(Collected data entries)
* * *
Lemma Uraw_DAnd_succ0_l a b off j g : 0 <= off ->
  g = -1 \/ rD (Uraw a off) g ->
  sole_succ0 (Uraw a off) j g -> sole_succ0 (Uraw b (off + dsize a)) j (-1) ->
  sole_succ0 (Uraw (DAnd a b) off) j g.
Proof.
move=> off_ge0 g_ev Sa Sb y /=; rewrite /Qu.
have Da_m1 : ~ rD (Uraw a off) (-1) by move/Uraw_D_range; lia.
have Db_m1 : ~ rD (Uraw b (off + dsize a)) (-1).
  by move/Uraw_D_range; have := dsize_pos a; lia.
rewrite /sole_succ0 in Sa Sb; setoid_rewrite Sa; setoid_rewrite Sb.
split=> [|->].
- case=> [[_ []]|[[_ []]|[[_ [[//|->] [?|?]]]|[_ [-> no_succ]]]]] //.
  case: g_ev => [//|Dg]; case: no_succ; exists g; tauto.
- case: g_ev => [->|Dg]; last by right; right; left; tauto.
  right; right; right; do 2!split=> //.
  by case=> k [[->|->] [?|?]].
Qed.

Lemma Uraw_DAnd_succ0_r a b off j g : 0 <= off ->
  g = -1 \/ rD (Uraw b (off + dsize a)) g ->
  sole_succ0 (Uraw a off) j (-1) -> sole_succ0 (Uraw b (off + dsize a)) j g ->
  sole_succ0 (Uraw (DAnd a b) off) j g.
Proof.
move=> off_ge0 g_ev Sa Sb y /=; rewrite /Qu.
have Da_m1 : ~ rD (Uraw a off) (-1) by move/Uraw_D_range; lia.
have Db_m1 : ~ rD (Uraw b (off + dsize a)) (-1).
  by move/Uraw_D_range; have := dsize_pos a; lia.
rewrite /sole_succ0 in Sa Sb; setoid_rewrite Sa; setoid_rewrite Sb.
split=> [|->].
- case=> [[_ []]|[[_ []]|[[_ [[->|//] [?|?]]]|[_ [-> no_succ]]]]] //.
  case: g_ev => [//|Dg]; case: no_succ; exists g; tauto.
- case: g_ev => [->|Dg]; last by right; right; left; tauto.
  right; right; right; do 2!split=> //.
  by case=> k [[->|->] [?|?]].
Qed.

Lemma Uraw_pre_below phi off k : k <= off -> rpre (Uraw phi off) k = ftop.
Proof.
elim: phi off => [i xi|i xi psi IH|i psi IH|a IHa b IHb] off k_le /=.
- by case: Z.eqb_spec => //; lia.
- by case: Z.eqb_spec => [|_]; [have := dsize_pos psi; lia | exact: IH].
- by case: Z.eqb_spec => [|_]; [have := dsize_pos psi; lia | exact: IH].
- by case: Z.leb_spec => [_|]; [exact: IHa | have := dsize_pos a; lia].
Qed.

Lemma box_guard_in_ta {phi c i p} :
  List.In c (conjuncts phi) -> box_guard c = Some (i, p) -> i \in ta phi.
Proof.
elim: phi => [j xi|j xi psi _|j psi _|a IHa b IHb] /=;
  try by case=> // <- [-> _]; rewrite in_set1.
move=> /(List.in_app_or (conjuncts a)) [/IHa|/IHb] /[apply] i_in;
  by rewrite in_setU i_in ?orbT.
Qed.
* * *
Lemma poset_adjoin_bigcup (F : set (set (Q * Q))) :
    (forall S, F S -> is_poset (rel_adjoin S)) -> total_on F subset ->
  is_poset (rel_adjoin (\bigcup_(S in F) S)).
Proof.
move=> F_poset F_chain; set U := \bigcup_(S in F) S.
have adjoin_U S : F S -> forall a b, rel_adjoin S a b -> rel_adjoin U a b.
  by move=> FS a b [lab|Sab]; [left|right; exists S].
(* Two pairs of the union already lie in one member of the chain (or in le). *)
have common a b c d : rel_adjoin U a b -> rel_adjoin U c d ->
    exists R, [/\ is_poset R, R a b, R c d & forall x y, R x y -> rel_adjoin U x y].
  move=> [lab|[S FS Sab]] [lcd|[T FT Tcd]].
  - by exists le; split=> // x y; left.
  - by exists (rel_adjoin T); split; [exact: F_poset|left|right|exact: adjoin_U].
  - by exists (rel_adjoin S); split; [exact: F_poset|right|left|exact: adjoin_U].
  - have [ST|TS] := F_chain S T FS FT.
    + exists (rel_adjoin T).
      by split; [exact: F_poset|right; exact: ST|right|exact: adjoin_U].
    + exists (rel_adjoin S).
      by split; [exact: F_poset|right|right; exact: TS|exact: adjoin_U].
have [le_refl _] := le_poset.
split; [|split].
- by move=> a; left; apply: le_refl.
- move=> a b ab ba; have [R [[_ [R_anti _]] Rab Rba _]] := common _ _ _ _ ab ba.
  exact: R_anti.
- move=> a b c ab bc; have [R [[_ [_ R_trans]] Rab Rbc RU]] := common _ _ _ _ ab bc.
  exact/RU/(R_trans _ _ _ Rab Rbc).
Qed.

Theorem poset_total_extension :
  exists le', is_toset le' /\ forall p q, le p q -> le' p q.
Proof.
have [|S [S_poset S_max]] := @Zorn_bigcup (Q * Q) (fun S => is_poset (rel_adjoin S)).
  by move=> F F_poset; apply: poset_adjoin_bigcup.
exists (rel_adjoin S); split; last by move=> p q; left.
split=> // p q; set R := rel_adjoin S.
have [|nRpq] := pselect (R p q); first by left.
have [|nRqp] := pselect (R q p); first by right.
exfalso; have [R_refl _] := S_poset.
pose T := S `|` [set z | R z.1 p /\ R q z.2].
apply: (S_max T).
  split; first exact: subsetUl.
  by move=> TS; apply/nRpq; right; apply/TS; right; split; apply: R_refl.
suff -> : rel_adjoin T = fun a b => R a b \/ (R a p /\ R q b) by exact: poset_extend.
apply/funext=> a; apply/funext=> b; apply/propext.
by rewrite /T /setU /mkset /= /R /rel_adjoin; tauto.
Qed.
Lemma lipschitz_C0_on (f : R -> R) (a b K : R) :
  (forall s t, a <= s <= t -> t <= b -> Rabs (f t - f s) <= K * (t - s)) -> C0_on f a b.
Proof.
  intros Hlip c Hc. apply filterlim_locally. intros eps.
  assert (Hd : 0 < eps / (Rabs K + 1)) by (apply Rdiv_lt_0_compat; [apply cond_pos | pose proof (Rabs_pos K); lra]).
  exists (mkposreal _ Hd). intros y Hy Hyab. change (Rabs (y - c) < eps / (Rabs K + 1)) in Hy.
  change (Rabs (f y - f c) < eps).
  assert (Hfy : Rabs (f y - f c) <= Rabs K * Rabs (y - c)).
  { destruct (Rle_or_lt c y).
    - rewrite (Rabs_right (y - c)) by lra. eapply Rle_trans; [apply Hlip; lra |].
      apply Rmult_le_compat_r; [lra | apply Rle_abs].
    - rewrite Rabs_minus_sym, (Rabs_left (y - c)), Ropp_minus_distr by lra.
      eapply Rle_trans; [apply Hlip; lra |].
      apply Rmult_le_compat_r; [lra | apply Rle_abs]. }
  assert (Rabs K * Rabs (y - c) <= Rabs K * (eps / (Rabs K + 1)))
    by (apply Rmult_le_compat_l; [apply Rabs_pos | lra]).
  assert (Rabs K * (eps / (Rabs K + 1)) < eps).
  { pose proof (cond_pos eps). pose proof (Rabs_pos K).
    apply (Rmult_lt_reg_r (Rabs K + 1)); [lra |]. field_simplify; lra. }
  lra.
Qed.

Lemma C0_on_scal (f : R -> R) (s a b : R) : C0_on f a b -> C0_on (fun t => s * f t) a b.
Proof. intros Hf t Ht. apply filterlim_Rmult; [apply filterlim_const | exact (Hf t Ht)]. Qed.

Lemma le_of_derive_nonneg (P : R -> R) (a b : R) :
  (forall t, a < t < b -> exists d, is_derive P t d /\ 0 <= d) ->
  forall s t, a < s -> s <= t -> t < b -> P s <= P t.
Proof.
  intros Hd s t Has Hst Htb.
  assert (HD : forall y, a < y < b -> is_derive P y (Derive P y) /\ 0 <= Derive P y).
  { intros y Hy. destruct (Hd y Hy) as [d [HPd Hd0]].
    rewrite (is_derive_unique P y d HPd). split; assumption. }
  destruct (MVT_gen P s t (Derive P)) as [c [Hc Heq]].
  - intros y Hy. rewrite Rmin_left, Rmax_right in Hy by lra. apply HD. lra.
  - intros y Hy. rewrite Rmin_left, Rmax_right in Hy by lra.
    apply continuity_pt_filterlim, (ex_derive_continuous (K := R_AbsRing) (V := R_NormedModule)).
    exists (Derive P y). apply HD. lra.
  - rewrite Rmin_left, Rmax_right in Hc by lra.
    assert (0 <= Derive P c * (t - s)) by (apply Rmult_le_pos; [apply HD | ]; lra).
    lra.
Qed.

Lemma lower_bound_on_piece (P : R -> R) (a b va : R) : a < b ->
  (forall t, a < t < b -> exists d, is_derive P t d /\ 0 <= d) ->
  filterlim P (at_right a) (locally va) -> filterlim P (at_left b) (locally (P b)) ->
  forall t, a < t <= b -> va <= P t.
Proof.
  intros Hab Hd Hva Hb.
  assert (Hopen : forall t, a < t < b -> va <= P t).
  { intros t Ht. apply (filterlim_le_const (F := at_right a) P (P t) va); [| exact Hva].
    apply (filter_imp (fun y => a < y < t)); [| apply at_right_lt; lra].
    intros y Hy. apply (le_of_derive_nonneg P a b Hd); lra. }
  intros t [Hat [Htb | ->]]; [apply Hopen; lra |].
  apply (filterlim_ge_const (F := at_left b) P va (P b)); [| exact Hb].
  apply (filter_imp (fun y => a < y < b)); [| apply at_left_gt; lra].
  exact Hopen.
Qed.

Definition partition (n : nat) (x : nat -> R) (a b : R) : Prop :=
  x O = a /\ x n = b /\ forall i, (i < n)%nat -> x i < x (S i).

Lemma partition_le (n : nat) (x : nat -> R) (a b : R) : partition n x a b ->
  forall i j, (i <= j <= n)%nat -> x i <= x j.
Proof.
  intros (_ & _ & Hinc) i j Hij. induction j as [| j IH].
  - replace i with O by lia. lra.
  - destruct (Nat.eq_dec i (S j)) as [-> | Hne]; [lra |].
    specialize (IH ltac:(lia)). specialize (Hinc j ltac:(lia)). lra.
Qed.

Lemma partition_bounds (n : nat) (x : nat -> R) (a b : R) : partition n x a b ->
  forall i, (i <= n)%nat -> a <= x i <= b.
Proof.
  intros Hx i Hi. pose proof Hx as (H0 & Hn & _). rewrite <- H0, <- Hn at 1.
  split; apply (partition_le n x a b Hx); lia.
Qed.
* * *
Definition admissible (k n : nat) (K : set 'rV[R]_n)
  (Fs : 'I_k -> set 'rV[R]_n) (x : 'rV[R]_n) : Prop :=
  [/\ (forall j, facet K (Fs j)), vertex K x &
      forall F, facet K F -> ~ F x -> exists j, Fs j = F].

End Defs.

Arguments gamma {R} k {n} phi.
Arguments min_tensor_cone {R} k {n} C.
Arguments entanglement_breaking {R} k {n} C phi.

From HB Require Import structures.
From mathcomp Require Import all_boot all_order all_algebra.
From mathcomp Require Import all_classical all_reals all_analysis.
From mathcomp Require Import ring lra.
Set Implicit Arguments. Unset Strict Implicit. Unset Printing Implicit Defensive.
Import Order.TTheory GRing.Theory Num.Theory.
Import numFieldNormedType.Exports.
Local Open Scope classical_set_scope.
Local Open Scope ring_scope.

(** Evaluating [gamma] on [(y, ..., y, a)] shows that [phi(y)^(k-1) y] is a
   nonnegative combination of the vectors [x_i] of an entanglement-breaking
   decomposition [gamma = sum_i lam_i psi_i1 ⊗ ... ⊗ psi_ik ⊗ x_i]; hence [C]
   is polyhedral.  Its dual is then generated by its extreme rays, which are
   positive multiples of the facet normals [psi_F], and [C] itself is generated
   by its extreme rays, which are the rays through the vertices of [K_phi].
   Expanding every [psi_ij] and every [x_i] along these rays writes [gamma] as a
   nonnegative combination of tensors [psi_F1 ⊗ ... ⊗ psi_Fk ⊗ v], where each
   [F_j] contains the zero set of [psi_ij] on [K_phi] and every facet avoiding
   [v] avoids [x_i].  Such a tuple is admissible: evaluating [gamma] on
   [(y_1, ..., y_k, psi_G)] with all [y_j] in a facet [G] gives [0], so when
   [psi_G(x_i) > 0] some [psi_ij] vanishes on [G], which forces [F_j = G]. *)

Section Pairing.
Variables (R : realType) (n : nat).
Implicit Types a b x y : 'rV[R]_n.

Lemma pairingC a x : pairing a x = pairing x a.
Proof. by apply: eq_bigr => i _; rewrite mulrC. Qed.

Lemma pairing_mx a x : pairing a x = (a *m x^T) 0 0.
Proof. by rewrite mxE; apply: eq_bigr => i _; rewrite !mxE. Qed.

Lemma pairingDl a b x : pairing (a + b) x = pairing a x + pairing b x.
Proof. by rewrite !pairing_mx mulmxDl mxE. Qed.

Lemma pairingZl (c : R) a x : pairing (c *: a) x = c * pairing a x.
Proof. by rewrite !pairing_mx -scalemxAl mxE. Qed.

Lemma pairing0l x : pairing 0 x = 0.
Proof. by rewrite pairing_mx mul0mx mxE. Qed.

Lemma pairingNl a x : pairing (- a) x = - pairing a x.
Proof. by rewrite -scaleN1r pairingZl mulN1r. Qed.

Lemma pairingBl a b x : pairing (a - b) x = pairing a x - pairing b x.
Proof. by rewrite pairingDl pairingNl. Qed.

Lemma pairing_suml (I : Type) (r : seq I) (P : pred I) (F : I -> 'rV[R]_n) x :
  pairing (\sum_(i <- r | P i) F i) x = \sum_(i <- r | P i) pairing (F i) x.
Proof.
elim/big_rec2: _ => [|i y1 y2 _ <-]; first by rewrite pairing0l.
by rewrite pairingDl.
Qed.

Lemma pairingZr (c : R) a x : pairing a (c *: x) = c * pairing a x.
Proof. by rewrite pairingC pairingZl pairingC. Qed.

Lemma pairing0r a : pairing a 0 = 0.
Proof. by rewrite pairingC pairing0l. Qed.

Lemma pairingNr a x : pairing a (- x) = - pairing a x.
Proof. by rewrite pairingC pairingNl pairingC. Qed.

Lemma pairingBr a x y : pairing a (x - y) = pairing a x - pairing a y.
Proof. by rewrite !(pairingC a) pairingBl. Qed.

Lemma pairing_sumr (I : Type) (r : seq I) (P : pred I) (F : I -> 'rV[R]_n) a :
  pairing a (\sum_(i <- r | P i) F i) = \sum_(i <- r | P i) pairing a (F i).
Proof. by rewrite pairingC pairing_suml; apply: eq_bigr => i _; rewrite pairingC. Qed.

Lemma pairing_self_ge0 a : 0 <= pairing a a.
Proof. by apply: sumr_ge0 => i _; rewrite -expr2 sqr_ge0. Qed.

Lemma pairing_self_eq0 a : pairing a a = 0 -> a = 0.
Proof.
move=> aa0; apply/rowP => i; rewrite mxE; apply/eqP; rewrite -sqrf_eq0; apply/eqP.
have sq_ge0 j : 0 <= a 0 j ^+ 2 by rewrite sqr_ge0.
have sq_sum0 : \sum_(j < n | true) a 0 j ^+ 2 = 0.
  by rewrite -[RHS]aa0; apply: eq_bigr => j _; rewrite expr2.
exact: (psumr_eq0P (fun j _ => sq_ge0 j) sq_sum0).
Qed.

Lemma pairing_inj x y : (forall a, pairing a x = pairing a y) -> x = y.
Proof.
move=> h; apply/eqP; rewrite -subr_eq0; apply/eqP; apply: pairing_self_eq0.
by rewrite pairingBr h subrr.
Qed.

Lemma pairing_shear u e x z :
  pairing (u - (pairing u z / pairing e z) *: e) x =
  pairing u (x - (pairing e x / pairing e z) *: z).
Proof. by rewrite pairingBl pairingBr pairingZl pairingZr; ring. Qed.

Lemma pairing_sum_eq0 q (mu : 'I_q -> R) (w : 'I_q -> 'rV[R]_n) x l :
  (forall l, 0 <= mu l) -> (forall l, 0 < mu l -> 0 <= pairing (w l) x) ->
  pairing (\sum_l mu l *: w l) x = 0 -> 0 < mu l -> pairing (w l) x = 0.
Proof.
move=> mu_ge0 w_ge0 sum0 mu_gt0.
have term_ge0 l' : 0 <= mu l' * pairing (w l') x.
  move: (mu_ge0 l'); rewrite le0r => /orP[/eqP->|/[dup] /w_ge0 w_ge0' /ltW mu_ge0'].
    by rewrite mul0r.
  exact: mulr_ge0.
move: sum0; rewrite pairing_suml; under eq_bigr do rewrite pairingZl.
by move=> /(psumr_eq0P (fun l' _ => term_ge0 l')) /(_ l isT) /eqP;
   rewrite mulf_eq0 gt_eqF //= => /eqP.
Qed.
* * *
• WHAT THIS TASK INVOLVES:
From the entries above, restate word for word the lines from the line containing "by rewrite pairingDl." to the line containing "Lemma pairing_sum_eq0 q", both ends included, and nothing more.

• RESPONSE TO THE TASK:
by rewrite pairingDl.
Qed.

Lemma pairingZr (c : R) a x : pairing a (c *: x) = c * pairing a x.
Proof. by rewrite pairingC pairingZl pairingC. Qed.

Lemma pairing0r a : pairing a 0 = 0.
Proof. by rewrite pairingC pairing0l. Qed.

Lemma pairingNr a x : pairing a (- x) = - pairing a x.
Proof. by rewrite pairingC pairingNl pairingC. Qed.

Lemma pairingBr a x y : pairing a (x - y) = pairing a x - pairing a y.
Proof. by rewrite !(pairingC a) pairingBl. Qed.

Lemma pairing_sumr (I : Type) (r : seq I) (P : pred I) (F : I -> 'rV[R]_n) a :
  pairing a (\sum_(i <- r | P i) F i) = \sum_(i <- r | P i) pairing a (F i).
Proof. by rewrite pairingC pairing_suml; apply: eq_bigr => i _; rewrite pairingC. Qed.

Lemma pairing_self_ge0 a : 0 <= pairing a a.
Proof. by apply: sumr_ge0 => i _; rewrite -expr2 sqr_ge0. Qed.

Lemma pairing_self_eq0 a : pairing a a = 0 -> a = 0.
Proof.
move=> aa0; apply/rowP => i; rewrite mxE; apply/eqP; rewrite -sqrf_eq0; apply/eqP.
have sq_ge0 j : 0 <= a 0 j ^+ 2 by rewrite sqr_ge0.
have sq_sum0 : \sum_(j < n | true) a 0 j ^+ 2 = 0.
  by rewrite -[RHS]aa0; apply: eq_bigr => j _; rewrite expr2.
exact: (psumr_eq0P (fun j _ => sq_ge0 j) sq_sum0).
Qed.

Lemma pairing_inj x y : (forall a, pairing a x = pairing a y) -> x = y.
Proof.
move=> h; apply/eqP; rewrite -subr_eq0; apply/eqP; apply: pairing_self_eq0.
by rewrite pairingBr h subrr.
Qed.

Lemma pairing_shear u e x z :
  pairing (u - (pairing u z / pairing e z) *: e) x =
  pairing u (x - (pairing e x / pairing e z) *: z).
Proof. by rewrite pairingBl pairingBr pairingZl pairingZr; ring. Qed.

Lemma pairing_sum_eq0 q (mu : 'I_q -> R) (w : 'I_q -> 'rV[R]_n) x l :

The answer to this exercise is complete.